Ephesians 1:13 says, “…having believed, you were sealed with the Holy Spirit of promise.” Can we say that anyone who believes has received the Holy Spirit?
➠ The correct interpretation of Ephesians 1:13 must be based on Acts 19:1-7, where it tells us exactly how the Ephesians received the Holy Spirit. They did not receive the Holy Spirit when they believed. They did not receive the Holy Spirit when they were baptized. The disciples in Ephesus had not even heard of the Holy Spirit. It was not until Paul placed his hands on them that the Holy Spirit came upon them. So the Ephesians wouldn’t have taken Paul’s letter to mean receiving the Holy Spirit instantaneously upon belief.
➠ A person must believe in “the word of truth, the gospel of salvation” in order to receive the Holy Spirit (Eph 1:13). If a person believes in a false gospel, he would not be able to receive the Holy Spirit.
➠ The verse “Having believed, you were sealed with the Holy Spirit of promise” means that every believer of the true gospel will receive the Holy Spirit, but it does not mean that he receives the Holy Spirit the moment he confesses Jesus as Lord.
➠ Those who listened to Peter’s preaching on the day of Pentecost were told to “repent and be baptized in the name of Jesus Christ for the forgiveness of sins” before they could receive the gift of the Holy Spirit (Acts 2:38). True faith consists of following the commands of the Lord Jesus (Jas 2:17, 22).
➠ Paul was writing to the churches in Galatia and Ephesus, which were established by the Holy Spirit and have believed in the truth. The word “you” in both passages do not refer to all present-day professed Christians.
➠ In 1 Corinthians 12:12-27, Paul is stressing the unity and oneness of the believers, who are members of Christ’s body and have received the same Spirit (v. 13). Again, verse 13 does not refer to all modern day churches.

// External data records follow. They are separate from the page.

(* Let $\bm{G}_t\in\mathbb{R}^{n_1\times n_2}$, $\epsilon_t>0$, $\bm{L}_t=\epsilon_t\bm{I}_{n_1}+\mathrm{diag}(\bm{G}_t\bm{G}_t^T)$, $\bm{R}_t=\epsilon_t\bm{I}_{n_2}+\mathrm{diag}(\bm{G}_t^T\bm{G}_t)$, and let $\bm{X}_t,\bm{X}\in\mathbb{R}^{n_1\times n_2}$ be rank-$r$ matrices, $\bm{X}_t=\bm{U}_t\bm{\Sigma}_t\bm{V}_t^T$ a compact SVD. Let $\widetilde{\mathcal{P}}_{\mathbb{T}_t}$ be the orthogonal projector, with respect to $\langle\cdot,\cdot\rangle_{\mathcal{W}_t}$, onto $\mathbb{T}_t=\{\bm{U}_t\bm{Q}^T+\bm{P}\bm{V}_t^T:\bm{P}\in\mathbb{R}^{n_1\times r},\bm{Q}\in\mathbb{R}^{n_2\times r}\}$. Then $$\big\|(\mathcal{I}-\widetilde{\mathcal{P}}_{\mathbb{T}_t})\bm{X}\big\|_{\mathcal{W}_t}\le\frac{\mu_t^{5/4}}{\nu_t^{7/4}\,\sigma_{\min}(\bm{X})}\,\|\bm{X}-\bm{X}_t\|_{\mathcal{W}_t}^2,$$ where $\nu_t=\epsilon_t^{1/2}$ and $\mu_t=(\epsilon_t+\|\bm{G}_t\|_\vee^2)^{1/2}$.
   Context: $\mathrm{diag}(\bm{M})$ keeps only the diagonal of $\bm{M}$. $\langle\bm{Z},\bm{Y}\rangle_{\mathcal{W}_t}=\langle\bm{L}_t^{1/4}\bm{Z}\bm{R}_t^{1/4},\bm{Y}\rangle$ with $\langle\bm{A},\bm{B}\rangle=\mathrm{trace}(\bm{A}^T\bm{B})$, and $\|\cdot\|_{\mathcal{W}_t}$ is the induced norm. $\mathcal{I}$ is the identity. $\|\bm{Z}\|_\vee=\max\{\max_i\|\bm{Z}(i,:)\|_2,\max_j\|\bm{Z}(:,j)\|_2\}$. $\sigma_{\min}(\bm{X})$ is the smallest nonzero singular value of $\bm{X}$. *)

From HB Require Import structures.
From mathcomp Require Import all_boot all_order all_algebra.
Set Implicit Arguments. Unset Strict Implicit. Unset Printing Implicit Defensive.
Import Order.TTheory GRing.Theory Num.Theory.
Local Open Scope ring_scope.

Section Defs.
Variable R : rcfType.

Definition root4 (x : R) : R := Num.sqrt (Num.sqrt x).

Definition diag_part n (M : 'M[R]_n) : 'M[R]_n :=
  \matrix_(i, j) ((i == j)%:R * M i j).

Definition Lmat n1 n2 (eps : R) (G : 'M[R]_(n1, n2)) : 'M[R]_n1 :=
  eps%:M + diag_part (G *m G^T).
Definition Rmat n1 n2 (eps : R) (G : 'M[R]_(n1, n2)) : 'M[R]_n2 :=
  eps%:M + diag_part (G^T *m G).

(* M^{1/4} for a diagonal matrix M with nonnegative diagonal *)
Definition diag_root4 n (M : 'M[R]_n) : 'M[R]_n :=
  \matrix_(i, j) ((i == j)%:R * root4 (M i j)).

➠ It is not true that anyone who believes automatically receives the Holy Spirit the moment he believes. The sign of receiving the Holy Spirit is speaking of tongues (Acts 10:44-46; 19:6; 2:4).
Take note of three words in this verse : “heard”, “believed”, and “received”. They are each independent of the other two, which must not be confused. “Hearing” does not mean “believing”, nor does “believing” mean “receiving”. Not all who hear the gospel, immediately believe in Jesus. So, not anyone who believes have the Holy Spirit. Some, even by the time they are baptised, still do not have the Holy Spirit. This fact is clearly indicated in Acts 8:14-17.
We must acknowledge that believers who decide to receive water baptism have already been changed and guided by the Holy Spirit. Otherwise, they would not have the desire for baptism (1 Cor 12:3). Receiving baptism of the promised Holy Spirit is another matter. Therefore, for some, baptism of the Spirit precedes water baptism (Acts 10:47-48). For others, the reverse is true (Acts 8:16-17). Biblical records make distinction between the two.
As for what is said in Ephesians 1:13, the statement does not mean that anyone who believes are immediately baptised with the Holy Spirit. It means that believers will be sealed with the Holy Spirit as a seal, which may not take place until after water baptism. When Paul was in Ephesus, he asked the believers there, “Did you receive the Holy Spirit when you believed?” (Acts 19:2) This is sufficient evidence that Paul did not say whoever believes receives the Spirit at once.